*What needs to be done*: No line before the one containing "From mathcomp Require Import all_boot" is to be output; retype exactly that line and all lines that follow it to the end of the records.

Stored data entries
_ _ _ _
(* With the notation of the context, assume that every distinct affine local piece of $u^*$ on $\Omega$ appears among the sampled functions $u_1,\dots,u_{N_s}$. Define $\varepsilon=\max_{\bm x\in\Omega}\big(\hat f_{\mathrm{L,c}}(\bm x)-\hat f_{\mathrm{L,d}}(\bm x)\big)$. Then for all $\bm x\in\Omega$, $$-\varepsilon\le \hat f_{\mathrm{L,d}}(\bm x)-u^*(\bm x)\le 0\qquad\text{and}\qquad 0\le \hat f_{\mathrm{L,c}}(\bm x)-u^*(\bm x)\le\varepsilon;$$ in particular $\hat f_{\mathrm{L,d}}\le u^*\le\hat f_{\mathrm{L,c}}$ on $\Omega$. Furthermore, if $\varepsilon=0$, then $\hat f_{\mathrm{L,d}}(\bm x)=\hat f_{\mathrm{L,c}}(\bm x)=u^*(\bm x)$ for all $\bm x\in\Omega$.
   Context: Let $\Omega\subseteq\mathbb{R}^{n_x}$ be a convex polyhedron (a hyperbox) and $u^*:\Omega\to\mathbb{R}$ a continuous piecewise affine (PWA) function: $\Omega$ is the union of finitely many closed convex polyhedra (local regions) with pairwise disjoint interiors, and on each local region $u^*$ coincides with an affine function (its local piece). (In the paper $u^*$ is the first input of the explicit linear MPC law.) A unique order (UO) region is a closed convex polyhedron contained in a local region on whose interior the order of all distinct local pieces of $u^*$ is constant; $\Omega$ is the union of finitely many UO regions. Sample points $\bm x_1,\dots,\bm x_{N_s}\in\Omega$ are given, each in the interior of a UO region $\Gamma(\bm x_i)$, and $u_i$ denotes the local piece of $u^*$ on $\Gamma(\bm x_i)$. Define $J_{\geq,i}=\{j\in\{1,\dots,N_s\}: u_j(\bm x_i)\ge u_i(\bm x_i)\}$, $J_{\leq,i}=\{j\in\{1,\dots,N_s\}: u_j(\bm x_i)\le u_i(\bm x_i)\}$, $\hat f_{\mathrm{L,d}}(\bm x)=\max_{i=1,\dots,N_s}\min_{j\in J_{\geq,i}}u_j(\bm x)$ and $\hat f_{\mathrm{L,c}}(\bm x)=\min_{i=1,\dots,N_s}\max_{j\in J_{\leq,i}}u_j(\bm x)$. *)

From HB Require Import structures.
From mathcomp Require Import all_boot all_order all_algebra.
From mathcomp Require Import all_classical all_reals all_analysis.
Set Implicit Arguments. Unset Strict Implicit. Unset Printing Implicit Defensive.
Import Order.TTheory GRing.Theory Num.Theory.
Import numFieldNormedType.Exports.
Local Open Scope classical_set_scope.
Local Open Scope ring_scope.

Section Defs.
Variables (R : realType) (n : nat).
_ _ _ _
*Task result*:
From mathcomp Require Import all_boot all_order all_algebra.
From mathcomp Require Import all_classical all_reals all_analysis.
Set Implicit Arguments. Unset Strict Implicit. Unset Printing Implicit Defensive.
Import Order.TTheory GRing.Theory Num.Theory.
Import numFieldNormedType.Exports.
Local Open Scope classical_set_scope.
Local Open Scope ring_scope.

Section Defs.
Variables (R : realType) (n : nat).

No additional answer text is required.